On Tue, Jan 14, 2025 at 3:51 PM Chuck Lever <chuck.lever@xxxxxxxxxx> wrote:
>
> On 1/14/25 3:23 AM, Rik Theys wrote:
> > Hi,
> >
> > On Mon, Jan 13, 2025 at 11:12 PM Chuck Lever <chuck.lever@xxxxxxxxxx> wrote:
> >>
> >> On 1/12/25 7:42 AM, Rik Theys wrote:
> >>> On Fri, Jan 10, 2025 at 11:07 PM Chuck Lever <chuck.lever@xxxxxxxxxx> wrote:
> >>>>
> >>>> On 1/10/25 3:51 PM, Rik Theys wrote:
> >>>>> Are there any debugging commands we can run once the issue happens
> >>>>> that can help to determine the cause of this issue?
> >>>>
> >>>> Once the issue happens, the precipitating bug has already done its
> >>>> damage, so at that point it is too late.
> >>
> >> I've studied the code and bug reports a bit. I see one intriguing
> >> mention in comment #5:
> >>
> >> https://bugs.debian.org/cgi-bin/bugreport.cgi?bug=1071562#5
> >>
> >> /proc/130/stack:
> >> [<0>] rpc_shutdown_client+0xf2/0x150 [sunrpc]
> >> [<0>] nfsd4_process_cb_update+0x4c/0x270 [nfsd]
> >> [<0>] nfsd4_run_cb_work+0x9f/0x150 [nfsd]
> >> [<0>] process_one_work+0x1c7/0x380
> >> [<0>] worker_thread+0x4d/0x380
> >> [<0>] kthread+0xda/0x100
> >> [<0>] ret_from_fork+0x22/0x30
> >>
> >> This tells me that the active item on the callback_wq is waiting for the
> >> backchannel RPC client to shut down. This is probably the proximal cause
> >> of the callback workqueue stall.
> >>
> >> rpc_shutdown_client() is waiting for the client's cl_tasks to become
> >> empty. Typically this is a short wait. But here, there's one or more RPC
> >> requests that are not completing.
> >>
> >> Please issue these two commands on your server once it gets into the
> >> hung state:
> >>
> >> # rpcdebug -m rpc -c
> >> # echo t > /proc/sysrq-trigger
> >
> > There were no rpcdebug entries configured, so I don't think the first
> > command did much.
> >
> > You can find the output from the second command in attach.
>
> I don't see any output for "echo t > /proc/sysrq-trigger" here. What I
> do see is a large number of OOM-killer notices. So, your server is out
> of memory. But I think this is due to a memory leak bug, probably this
> one:

I'm confused. Where do you see the OOM-killer notices in the log I provided?

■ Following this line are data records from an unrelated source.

(* G is the intersection graph of axis-parallel boxes in R^b: vertex v gets the
   box prod_i [l v i, r v i]; distinct u, v are adjacent iff their boxes meet. *)
Definition box_rep (V : finType) (E : rel V) (b : nat) : Prop :=
  exists l r : V -> 'I_b -> RR,
    (forall v i, l v i <= r v i) /\
    (forall u v, u != v ->
       (E u v <-> exists x : 'I_b -> RR,
          forall i, (l u i <= x i <= r u i) /\ (l v i <= x i <= r v i))).

Definition boxicity_ge (V : finType) (E : rel V) (c : nat) : Prop :=
  forall b, box_rep E b -> (c <= b)%N.

(* H is (isomorphic to) a minor of G: a minor model by branch sets, i.e.
   pairwise disjoint nonempty vertex sets inducing connected subgraphs of G,
   with an edge of G between the branch sets of every edge of H. *)
Definition induced_conn (V : finType) (E : rel V) (S : {set V}) : Prop :=
  forall u v, u \in S -> v \in S ->
    connect [rel a b | [&& E a b, a \in S & b \in S]] u v.

Definition is_minor (VH : finType) (EH : rel VH) (VG : finType) (EG : rel VG)
  : Prop :=
  exists phi : VH -> {set VG},
    [/\ forall x, phi x != finset.set0,
        forall x, induced_conn EG (phi x),
        forall x y, x != y -> [disjoint phi x & phi y]
      & forall x y, EH x y ->
          exists u v, [/\ u \in phi x, v \in phi y & EG u v]].

(* Planarity: a drawing in the plane R x R with distinct points for vertices and,
   for each edge, a simple arc (continuous injective map on [0,1]) joining its
   endpoints, whose interior avoids all vertex points and interiors of other
   edges' arcs. The arc for {u,v} is arc u v (arc v u is ignored as a separate
   edge: disjointness is only required between different unordered pairs). *)
Definition unit_interval : set RR := [set t | 0 <= t <= 1]%classic.

Definition planar (V : finType) (E : rel V) : Prop :=
  exists (p : V -> RR * RR) (arc : V -> V -> RR -> RR * RR),
    [/\ injective p,
        (forall u v, E u v ->
           [/\ {within unit_interval, continuous (arc u v)}%classic,
               {in unit_interval &, injective (arc u v)},
               arc u v 0 = p u & arc u v 1 = p v]),
        (forall u v w t, E u v -> 0 < t < 1 -> arc u v t <> p w)
      & (forall u v u' v' s t, E u v -> E u' v' ->
           ~~ ((u == u') && (v == v') || (u == v') && (v == u')) ->
           0 < s < 1 -> 0 < t < 1 -> arc u v s <> arc u' v' t)].

From mathcomp Require Import all_boot all_order all_algebra zify Rstruct.
From Stdlib Require Import Classical.

(* If G has no K_(t+1) minor, then by Mader's theorem every subgraph of G has a vertex
   of degree at most 2^t, so G has an orientation with in-degrees at most d = 2^t.
   Adding the pairs joined by a directed 2-path or sharing an out-neighbour keeps the
   graph degenerate: there are at most d^2 such pairs per vertex, except those sharing
   an out-neighbour outside the current vertex set, which are edges of d minors of G.
   So the augmented graph has a proper colouring with k colours.  Any two colour
   classes then induce in G a star forest, an interval graph; one interval dimension
   per ordered pair of colours represents G by boxes in dimension k^2.  Hence
   box(G) > k^2 forces a K_(t+1) minor, which contains every graph on t vertices. *)

Set Implicit Arguments. Unset Strict Implicit. Unset Printing Implicit Defensive.
Import Order.TTheory GRing.Theory Num.Theory.

Lemma connect_invariant (T : finType) (e : rel T) (P : T -> Prop) x y :
  (forall a b, P a -> e a b -> P b) -> connect e x y -> P x -> P y.
Proof.
move=> eP /connectP [p pth ->]; elim: p x pth => //= z p IHp x /andP [exz pth] Px.
exact: IHp pth (eP _ _ Px exz).
Qed.

Section CliqueMinors.
Variable V : finType.
Implicit Types (E : rel V) (A N R S : {set V}).

Definition nbhd E R u := [set w in R | E u w].
Definition deg E R u := #|nbhd E R u|.
Definition degsum E R := \sum_(u in R) deg E R u.

Definition clique_minor E R m := exists phi : 'I_m -> {set V},
  [/\ forall i, phi i != set0, forall i, phi i \subset R,
      forall i, induced_conn E (phi i),
      forall i j, i != j -> [disjoint phi i & phi j]
    & forall i j, i != j -> exists u v, [/\ u \in phi i, v \in phi j & E u v]].

Lemma card_sep_sum S (P : pred V) : #|[set w in S | P w]| = \sum_(w in S) P w.
Proof.
rewrite -sum1_card big_mkcond [RHS]big_mkcond; apply: eq_bigr => w _.
by rewrite inE; case: (w \in S); case: (P w).
Qed.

The first lines of the file is after increasing the hung_task_warnings
and waiting a few minutes. This triggered the hun task on the nfsd4
laundromat_main workqueue:

Workqueue: nfsd4 laundromat_main [nfsd]
Jan 14 09:06:45 kwak.esat.kuleuven.be kernel: Call Trace:

Then I executed the commands you provided. Are the lines after the

Jan 14 09:07:00 kwak.esat.kuleuven.be kernel: sysrq: Show State

Line not the output you're looking for?

Regards,
Rik

>
>     https://bugzilla.kernel.org/show_bug.cgi?id=219535
>
> So that explains the source of the frequent deleg_reaper() calls on your
> system; it's the shrinker. (Note these calls are not the actual problem.
> The real bug is somewhere in the callback code, but frequent callbacks
> are making it easy to hit the callback bug).
>
> Please try again, but wait until you see "INFO: task nfsd:XXXX blocked
> for more than 120 seconds." in the journal before issuing the rpcdebug
> and "echo t" commands.
>
>
> > Regards,
> > Rik
> >
> >>
> >> Then gift-wrap the server's system journal and send it to me. I need to
> >> see only the output from these two commands, so if you want to
> >> anonymize the journal and truncate it to just the day of the failure,
> >> I think that should be fine.
> >>
> >>
> >> --
> >> Chuck Lever
> >
> >
> >
>
>
> --
> Chuck Lever

-- 

Rik